Portfolio of Purpose

A Portfolio of Purpose

All the talk about purpose can be confusing. In particular we can be vexed by the difference between personal purpose and organisational purpose. The high bar that purpose sets for work can also create the feeling that every single moment of our work life should contribute to personal purpose. As the outcomes of our efforts that benefit others, purpose is not required from one task or one job, the outcome flows from a whole life – all the ways we work, hobbies, volunteering, family and more. We need to manage our personal portfolio of purpose.

Discovering Purpose

Discussion of organisational purpose can make it feel like purpose can be imposed. It can also create the impression that anything not directly to that purpose is less valuable, even where it might matter greatly to you.

Purpose is the outcomes of our effort that benefit others. Organisational purpose is the shared outcomes of individual efforts. The organisation itself has no purpose that isn’t shared by the people who make it up. Both personal purpose and organisational purpose are discovered not imposed. If your organisational purpose was developed by consultants or around a board table, it likely misses some of the subtleties of the culture in practice of your organisation. At worst, that statement of purpose is irrelevant to how the organisation acts.

Engaging with others, it is helpful to have a sense of the positive outcomes that you want to contribute for others. If you aren’t clear going in, you can always discover purpose in the work and in the collaboration. The best way to discover individual or collective purpose is not by what people say but the choices that they have made to benefit others through work. The Purpose is in the Work.

A Portfolio of Purpose

Most of us struggle to make everything we do or every organisation we join, directly relevant to our personal purpose. Life just doesn’t work that way. There is always development work, preparation, administration and overhead in all parts of life. Both individuals and organisations need to do things for money, to learn and to grow. Often your personal purpose is met later along the path and not right now.

Two approaches can reduce the sense of disappointment we feel when we must tackle tasks away from our personal sense of purpose:

  • Recognise purpose comes from all of life: Work is not the be-all and end-all of purpose. For many work may actually be a means to an end to pursue social or artistic purposes that don’t fit well into traditional work roles. The richer and more diverse your life the more likely you are to find ways to express your contributions to others.
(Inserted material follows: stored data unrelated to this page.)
(* Let $\mathcal{C}$ be a code and let $m$ be its minimum neuron number. Then $\mathcal{C}$ is isomorphic to a reduced code $\mathcal{D}\subseteq 2^{[m]}$. Moreover this reduced representative is unique up to permutation of neurons: if $\mathcal{D}\subseteq 2^{[m]}$ and $\mathcal{D}'\subseteq 2^{[m']}$ are reduced codes both isomorphic to $\mathcal{C}$, then $m=m'$ and there is a permutation $w$ of $[m]$ with $\mathcal{D}'=\{w(d)\mid d\in\mathcal{D}\}$.
   Context: A code is a subset $\mathcal{C}\subseteq 2^{[n]}$; elements are codewords. For $\sigma\subseteq[n]$, $\mathrm{Tk}_{\mathcal{C}}(\sigma)=\{c\in\mathcal{C}\mid\sigma\subseteq c\}$, and $\mathrm{Tk}_{\mathcal{C}}(i)$ means $\mathrm{Tk}_{\mathcal{C}}(\{i\})$. A trunk in $\mathcal{C}$ is a subset of $\mathcal{C}$ that is empty or equal to $\mathrm{Tk}_{\mathcal{C}}(\sigma)$ for some $\sigma\subseteq[n]$. A function $f:\mathcal{C}\to\mathcal{D}$ between codes is a morphism if preimages of trunks in $\mathcal{D}$ are trunks in $\mathcal{C}$; an isomorphism is a morphism with an inverse function that is a morphism. A neuron $i\in[n]$ is trivial in $\mathcal{C}\subseteq 2^{[n]}$ if $\mathrm{Tk}_{\mathcal{C}}(i)=\emptyset$. A nontrivial neuron $i$ is redundant if there is $\sigma\subseteq[n]$ with $i\notin\sigma$ and $\mathrm{Tk}_{\mathcal{C}}(i)=\mathrm{Tk}_{\mathcal{C}}(\sigma)$. A code $\mathcal{C}\subseteq 2^{[n]}$ is reduced if no neuron of $[n]$ is trivial or redundant. The minimum neuron number of $\mathcal{C}$ is the smallest $m$ such that $\mathcal{C}$ is isomorphic to a code contained in $2^{[m]}$. *)

From mathcomp Require Import all_boot.
Set Implicit Arguments. Unset Strict Implicit. Unset Printing Implicit Defensive.

Definition code (n : nat) := {set {set 'I_n}}.

Definition Tk n (C : code n) (sigma : {set 'I_n}) : {set {set 'I_n}} :=
  [set c in C | sigma \subset c].

Definition is_trunk n (C : code n) (T : {set {set 'I_n}}) : Prop :=
  T = set0 \/ exists sigma : {set 'I_n}, T = Tk C sigma.

Definition maps_into n m (C : code n) (D : code m)
    (f : {set 'I_n} -> {set 'I_m}) : Prop :=
  forall c, c \in C -> f c \in D.

Definition preim_code n m (C : code n) (f : {set 'I_n} -> {set 'I_m})
    (T : {set {set 'I_m}}) : {set {set 'I_n}} :=
  [set c in C | f c \in T].

Definition morphism n m (C : code n) (D : code m)
    (f : {set 'I_n} -> {set 'I_m}) : Prop :=
  maps_into C D f /\
  forall T, is_trunk D T -> is_trunk C (preim_code C f T).

Definition code_iso n m (C : code n) (D : code m) : Prop :=
  exists (f : {set 'I_n} -> {set 'I_m}) (g : {set 'I_m} -> {set 'I_n}),
    [/\ morphism C D f, morphism D C g,
        (forall c, c \in C -> g (f c) = c) &
        (forall d, d \in D -> f (g d) = d)].

Definition trivial_neuron n (C : code n) (i : 'I_n) : Prop :=
  Tk C [set i] = set0.

Definition redundant_neuron n (C : code n) (i : 'I_n) : Prop :=
  ~ trivial_neuron C i /\
  exists sigma : {set 'I_n}, i \notin sigma /\ Tk C [set i] = Tk C sigma.

Definition reduced n (C : code n) : Prop :=
  forall i : 'I_n, ~ trivial_neuron C i /\ ~ redundant_neuron C i.

Definition min_neuron_number n (C : code n) (m : nat) : Prop :=
  (exists D : code m, code_iso C D) /\
  (forall k, (exists D : code k, code_iso C D) -> m <= k).

From mathcomp Require Import all_boot.
Set Implicit Arguments. Unset Strict Implicit. Unset Printing Implicit Defensive.

(* Existence: a trivial or redundant neuron can be deleted without changing
   the isomorphism class, because every nonempty trunk is still Tk of a set
   avoiding it; so a representative on the minimum number of neurons is reduced.
   Uniqueness: if f : D -> D' is an isomorphism of reduced codes, the preimage
   of Tk(j) is some Tk(s) and pulling back along the inverse writes Tk(j) as
   Tk(t), so j lies in t by irredundancy; a sandwich argument then shows that
   the preimage of Tk(j) is Tk(i) for a single neuron i.  This matching of
   neurons is a bijection, and f acts on codewords by relabelling along it. *)

Lemma setD1_notin (T : finType) (A : {set T}) x : x \notin A -> A :\ x = A.
Proof. by move=> xA; apply/setDidPl; rewrite disjoint_sym disjoints1. Qed.

Lemma mem_Tk n (D : code n) (s c : {set 'I_n}) :
  (c \in Tk D s) = (c \in D) && (s \subset c).
Proof. by rewrite inE. Qed.

Lemma mem_preim_code n m (D : code n) (f : {set 'I_n} -> {set 'I_m}) T c :
  (c \in preim_code D f T) = (c \in D) && (f c \in T).
Proof. by rewrite inE. Qed.

Lemma Tk_setU n (D : code n) (s t : {set 'I_n}) : Tk D (s :|: t) = Tk D s :&: Tk D t.
Proof. by apply/setP => c; rewrite !inE subUset; case: (c \in D). Qed.

Lemma Tk_subset n (D : code n) (s t : {set 'I_n}) : s \subset t -> Tk D t \subset Tk D s.
Proof.
move=> st; apply/subsetP => c; rewrite !mem_Tk => /andP [-> tc].
exact: subset_trans tc.
Qed.

Lemma Tk_sub_code n (D : code n) (s : {set 'I_n}) : Tk D s \subset D.
Proof. by apply/subsetP => c; rewrite mem_Tk => /andP []. Qed.

Lemma nonempty_trunk_Tk n (D : code n) (X : {set {set 'I_n}}) c :
  is_trunk D X -> c \in X -> exists s, X = Tk D s.
Proof. by case=> [->|//]; rewrite inE. Qed.

Lemma preim_code0 n m (D : code n) (f : {set 'I_n} -> {set 'I_m}) :
  preim_code D f set0 = set0.
Proof. by apply/setP => c; rewrite !inE andbF. Qed.

Lemma preim_codeS n m (D : code n) (f : {set 'I_n} -> {set 'I_m})
    (T U : {set {set 'I_m}}) :
  T \subset U -> preim_code D f T \subset preim_code D f U.
Proof.
move=> TU; apply/subsetP => c; rewrite !mem_preim_code => /andP [-> fcT].
exact: (subsetP TU).
Qed.

Lemma preim_code_comp n m k (A : code n) (B : code m)
    (f : {set 'I_n} -> {set 'I_m}) (h : {set 'I_m} -> {set 'I_k}) T :
  maps_into A B f -> preim_code A (h \o f) T = preim_code A f (preim_code B h T).
Proof.
move=> fAB; apply/setP => c; rewrite !mem_preim_code /=.
by case cA: (c \in A) => //=; rewrite fAB.
Qed.

Lemma preim_code_cancel n m (A : code n) (B : code m)
    (f : {set 'I_n} -> {set 'I_m}) (g : {set 'I_m} -> {set 'I_n}) (X : {set {set 'I_n}}) :
  maps_into A B f -> {in A, cancel f g} -> X \subset A ->
  preim_code A f (preim_code B g X) = X.
Proof.
move=> fAB gf XA; rewrite -(preim_code_comp _ _ fAB); apply/setP => c.
rewrite mem_preim_code /=; case cA: (c \in A); first by rewrite gf.
by apply/esym/negbTE; apply: contraFN cA; apply: (subsetP XA).
Qed.

Lemma morphism_comp n m k (A : code n) (B : code m) (E : code k) f h :
  morphism A B f -> morphism B E h -> morphism A E (h \o f).
Proof.
move=> [fAB fT] [hBE hT]; split => [c cA|T ET]; first exact/hBE/fAB.
by rewrite (preim_code_comp _ _ fAB); apply/fT/hT.
Qed.

Lemma code_iso_sym n m (A : code n) (B : code m) : code_iso A B -> code_iso B A.
Proof. by move=> [f [g [? ? ? ?]]]; exists g, f; split. Qed.

Lemma code_iso_trans n m k (A : code n) (B : code m) (E : code k) :
  code_iso A B -> code_iso B E -> code_iso A E.
Proof.
move=> [f [g [mf mg gf fg]]] [f' [g' [mf' mg' gf' fg']]].
exists (f' \o f), (g \o g'); split; [exact: morphism_comp mf mf'
  | exact: morphism_comp mg' mg | move=> c cA | move=> d dE] => /=.
- by rewrite gf' ?gf //; apply: mf.1.
- by rewrite fg ?fg' //; apply: mg'.1.
Qed.

Lemma morphism_preim_Tk n m (D : code n) (D' : code m) f s c :
  morphism D D' f -> c \in D -> f c \in Tk D' s ->
  exists t, preim_code D f (Tk D' s) = Tk D t.
Proof.
move=> [_ fT] cD fcs; apply: (@nonempty_trunk_Tk _ _ _ c).
  by apply: fT; right; exists s.
by rewrite mem_preim_code cD.
Qed.

Definition del_neuron k (i : 'I_k.+1) (c : {set 'I_k.+1}) : {set 'I_k} :=
  [set j | lift i j \in c].

Lemma subset_del_neuron k (i : 'I_k.+1) (t : {set 'I_k}) c :
  (t \subset del_neuron i c) = (lift i @: t \subset c).
Proof.
apply/subsetP/subsetP => [tc _ /imsetP [j jt ->]|tc j jt].
  by have := tc j jt; rewrite inE.
by rewrite inE; apply/tc/imset_f.
Qed.

Lemma lift_del_neuron k (i : 'I_k.+1) c : lift i @: del_neuron i c = c :\ i.
Proof.
apply/setP => x; rewrite !inE; case: (unliftP i x) => [j ->|->].
  by rewrite eq_sym neq_lift mem_imset ?inE //; apply: lift_inj.
rewrite eqxx /=; apply/imsetP => [[j _ /eqP]].
by rewrite (negbTE (neq_lift _ _)).
Qed.

Lemma morphism_del_neuron k (D : code k.+1) (i : 'I_k.+1) :
  morphism D (del_neuron i @: D) (del_neuron i).
Proof.
split => [c cD|T [->|[t ->]]]; first exact: imset_f.
  by left; rewrite preim_code0.
right; exists (lift i @: t); apply/setP => c.
rewrite mem_preim_code !mem_Tk; case cD: (c \in D) => //=.
by rewrite imset_f //= subset_del_neuron.
Qed.

(* Both trivial and redundant neurons are dispensable; this is the only
   property of them that the deletion argument uses. *)
Definition dispensable n (D : code n) (i : 'I_n) : Prop :=
  forall s, Tk D s = set0 \/ exists2 t : {set 'I_n}, i \notin t & Tk D s = Tk D t.

Lemma trivial_or_redundant_dispensable n (D : code n) (i : 'I_n) :
  trivial_neuron D i \/ redundant_neuron D i -> dispensable D i.
Proof.
move=> Di s; case si: (i \in s); last by right; exists s; rewrite ?si.
rewrite -(setD1K si) Tk_setU.
case: Di => [-> | [_ [t [ti ->]]]]; first by left; rewrite set0I.
by right; exists (t :|: s :\ i); rewrite ?Tk_setU // !inE eqxx negb_or ti.
Qed.

Section DeleteDispensableNeuron.

Variables (k : nat) (D : code k.+1) (i : 'I_k.+1).
Hypothesis Di : dispensable D i.

Lemma dispensable_mem_determined :
  exists b : {set 'I_k} -> bool,
    {in D, forall c : {set 'I_k.+1}, (i \in c) = b (del_neuron i c)}.
Proof.
case: (Di [set i]) => [Ti | [t ti Ti]].
  exists (fun _ => false) => c cD; apply/negbTE/negP => ic.
  have : c \in Tk D [set i] by rewrite mem_Tk cD sub1set.
  by rewrite Ti inE.
exists (fun d : {set 'I_k} => t \subset lift i @: d) => c cD.
rewrite lift_del_neuron subsetD1 ti andbT.
by move/setP: Ti => /(_ c); rewrite !mem_Tk cD sub1set.
Qed.

Variable b : {set 'I_k} -> bool.
Hypothesis memb : {in D, forall c : {set 'I_k.+1}, (i \in c) = b (del_neuron i c)}.

Definition ins_neuron (d : {set 'I_k}) : {set 'I_k.+1} :=
  lift i @: d :|: (if b d then [set i] else set0).

Lemma ins_neuronK : {in D, cancel (del_neuron i) ins_neuron}.
Proof.
move=> c cD; rewrite /ins_neuron -memb // lift_del_neuron.
case: ifP => ic; first by rewrite setUC setD1K.
by rewrite setU0 setD1_notin ?ic.
Qed.

Lemma del_neuronK : cancel ins_neuron (del_neuron i).
Proof.
move=> d; apply/setP => j; rewrite /ins_neuron !inE mem_imset; last exact: lift_inj.
by case: ifP; rewrite ?inE ?orbF // eq_sym (negbTE (neq_lift _ _)) orbF.
Qed.

Lemma morphism_ins_neuron : morphism (del_neuron i @: D) D ins_neuron.
Proof.
split => [_ /imsetP [c cD ->]|T [->|[s ->]]]; first by rewrite ins_neuronK.
  by left; rewrite preim_code0.
case: (Di s) => [->|[t ti ->]]; first by left; rewrite preim_code0.
right; exists (del_neuron i t); apply/setP => d.
rewrite mem_preim_code !mem_Tk; case/boolP: (d \in del_neuron i @: D) => //=.
case/imsetP => c cD ->; rewrite ins_neuronK // cD /=.
by rewrite subset_del_neuron lift_del_neuron setD1_notin.
Qed.

End DeleteDispensableNeuron.

Lemma dispensable_iso_delete k (D : code k.+1) (i : 'I_k.+1) :
  dispensable D i -> code_iso D (del_neuron i @: D).
Proof.
move=> Di; have [b memb] := dispensable_mem_determined Di.
exists (del_neuron i), (ins_neuron i b); split.
- exact: morphism_del_neuron.
- exact: morphism_ins_neuron.
- exact: ins_neuronK.
- by move=> d _; apply: del_neuronK.
Qed.

Lemma min_neuron_number_reduced n (C : code n) m (D : code m) :
  min_neuron_number C m -> code_iso C D -> reduced D.
Proof.
move=> [_ minm] CD i; suff nDi : ~ dispensable D i.
  by split => Hi; apply/nDi/trivial_or_redundant_dispensable; [left|right].
case: m minm D CD i => [|k] minm D CD i; first by case: i.
move/dispensable_iso_delete/(code_iso_trans CD) => CDi.
by have := minm k (ex_intro _ _ CDi); rewrite ltnn.
Qed.

Lemma reduced_Tk1_mem n (D : code n) j s :
  reduced D -> Tk D [set j] = Tk D s -> j \in s.
Proof.
move=> rD Ejs; apply/negPn/negP => js.
by have [nt []] := rD j; split => //; exists s.
Qed.

Lemma reduced_Tk1_inj n (D : code n) :
  reduced D -> injective (fun j => Tk D [set j]).
Proof. by move=> rD j j' /(reduced_Tk1_mem rD); rewrite inE => /eqP. Qed.

Lemma reduced_Tk1_neq0 n (D : code n) j : reduced D -> exists d, d \in Tk D [set j].
Proof.
move=> rD; have [nt _] := rD j.
by case: (set_0Vmem (Tk D [set j])) => [//|[d]]; exists d.
Qed.

Section IsoOfReducedCodes.

Variables (n m : nat) (D : code n) (D' : code m).
Variables (f : {set 'I_n} -> {set 'I_m}) (g : {set 'I_m} -> {set 'I_n}).
Hypotheses (rD : reduced D) (rD' : reduced D').
Hypotheses (mf : morphism D D' f) (mg : morphism D' D g).
Hypotheses (gf : {in D, cancel f g}) (fg : {in D', cancel g f}).

Lemma iso_preim_Tk1 j : exists i, preim_code D f (Tk D' [set j]) = Tk D [set i].
Proof.
have [s Es] : exists s, preim_code D f (Tk D' [set j]) = Tk D s.
  have [d] := reduced_Tk1_neq0 j rD'; rewrite mem_Tk => /andP [dD' jd].
  by apply: (morphism_preim_Tk mf (mg.1 d dD')); rewrite fg // mem_Tk dD'.
have preim_Tk i : exists t, preim_code D' g (Tk D [set i]) = Tk D' t.
  have [c] := reduced_Tk1_neq0 i rD; rewrite mem_Tk => /andP [cD ic].
  by apply: (morphism_preim_Tk mg (mf.1 c cD)); rewrite gf // mem_Tk cD.
have [t Et] := fin_all_exists preim_Tk.
have mem_g d i : d \in D' -> (i \in g d) = (t i \subset d).
  move=> dD'; move/setP: (Et i) => /(_ d).
  by rewrite mem_preim_code !mem_Tk dD' mg.1 // sub1set.
have Ej : Tk D' [set j] = Tk D' (\bigcup_(i in s) t i).
  apply/setP => d; rewrite !mem_Tk; case/boolP: (d \in D') => //= dD'.
  move/setP: Es => /(_ (g d)); rewrite mem_preim_code !mem_Tk mg.1 // fg // dD' /=.
  move=> ->; apply/subsetP/bigcupsP => [sg i si|tsd i si].
    by rewrite -mem_g //; apply: sg.
  by rewrite mem_g //; apply: tsd.
have /bigcupP [i si jti] := reduced_Tk1_mem rD' Ej.
exists i; rewrite Es; apply/eqP; rewrite eqEsubset Tk_subset ?sub1set //=.
(* Tk(i) = f^-1(g^-1 Tk(i)) = f^-1 Tk'(t i), contained in f^-1 Tk'(j) = Tk(s) *)
rewrite -Es -(preim_code_cancel mf.1 gf (Tk_sub_code D [set i])) Et.
by apply/preim_codeS/Tk_subset; rewrite sub1set.
Qed.

End IsoOfReducedCodes.

Lemma reduced_iso_perm n m (D : code n) (D' : code m) :
  reduced D -> reduced D' -> code_iso D D' ->
  n = m /\ exists w : 'I_n -> 'I_m,
    bijective w /\ D' = [set w @: d | d : {set 'I_n} in D].
Proof.
move=> rD rD' [f [g [mf mg gf fg]]].
have [phi Ephi] := fin_all_exists (iso_preim_Tk1 rD rD' mf mg gf fg).
have [psi Epsi] := fin_all_exists (iso_preim_Tk1 rD' rD mg mf fg gf).
have phiK : cancel phi psi.
  move=> j; apply: (reduced_Tk1_inj rD'); rewrite /= -Epsi -Ephi.
  by rewrite preim_code_cancel ?Tk_sub_code //; apply: mg.1.
have psiK : cancel psi phi.
  move=> i; apply: (reduced_Tk1_inj rD); rewrite /= -Ephi -Epsi.
  by rewrite preim_code_cancel ?Tk_sub_code //; apply: mf.1.
have psi_bij : bijective psi by exists phi.
split; first by have := bij_eq_card psi_bij; rewrite !card_ord.
exists psi; split => //.
have f_relabel : {in D, forall c, f c = psi @: c}.
  move=> c cD; rewrite (can2_imset_pre _ psiK phiK); apply/setP => j.
  move/setP: (Ephi j) => /(_ c).
  by rewrite mem_preim_code !mem_Tk cD mf.1 //= !sub1set inE.
rewrite -(eq_in_imset f_relabel); apply/setP => d; apply/idP/imsetP.
  by move=> dD'; exists (g d); rewrite ?fg //; apply: mg.1.
by case=> c cD ->; apply: mf.1.
Qed.

Theorem theorem1p2 (n : nat) (C : code n) (m : nat) :
  min_neuron_number C m ->
  (exists D : code m, reduced D /\ code_iso C D) /\
  (forall (m' : nat) (D : code m) (D' : code m'),
     reduced D -> code_iso C D -> reduced D' -> code_iso C D' ->
     m = m' /\
     exists w : 'I_m -> 'I_m',
       bijective w /\ D' = [set w @: d | d : {set 'I_m} in D]).
Proof.
move=> minC; split.
  have [[D CD] _] := minC.
  by exists D; split; first exact: min_neuron_number_reduced minC CD.
move=> m' D D' rD CD rD' CD'.
exact: reduced_iso_perm rD rD' (code_iso_trans (code_iso_sym CD) CD').
Qed.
That also means knowing when to stop the gradual encroaching of work into every aspect of our life and identity. You aren’t your job and don’t let it define you. If your job doesn’t quite fit your sense of self, then embrace the difference. Difference is OK and you only need change role when the difference becomes direct incompatability.
  • Manage a diverse portfolio of activity: Recognise that the perfect job is rare, will likely become the end of a long search and may even be fleeting. Putting all your effort in the job basket can ignore the myriad other ways that you can make a contribution. Look across all the domains of your life and build a portfolio of contributions to others – that portfolio of purpose will provide the greatest chance for you to experience the personal rewards and to discover more about how you can contribute. Like any portfolio, diversity of effort also helps mitigate against disappointment in any one part of your life. There will always be some part of your efforts that are rewarding.

I have been exploring the portfolio life for some time, combing work, running businesses, consulting, advisory relationships, board roles, volunteering and helping friends. Every one of those activities gives me new insight into my personal purpose and new chances to express my contributions to others. The breadth of activities reduces the need for any one activity to meet my highest expectations. I learn and grow as I work across the breadth of this portfolio of roles.

So what’s in your portfolio of purpose?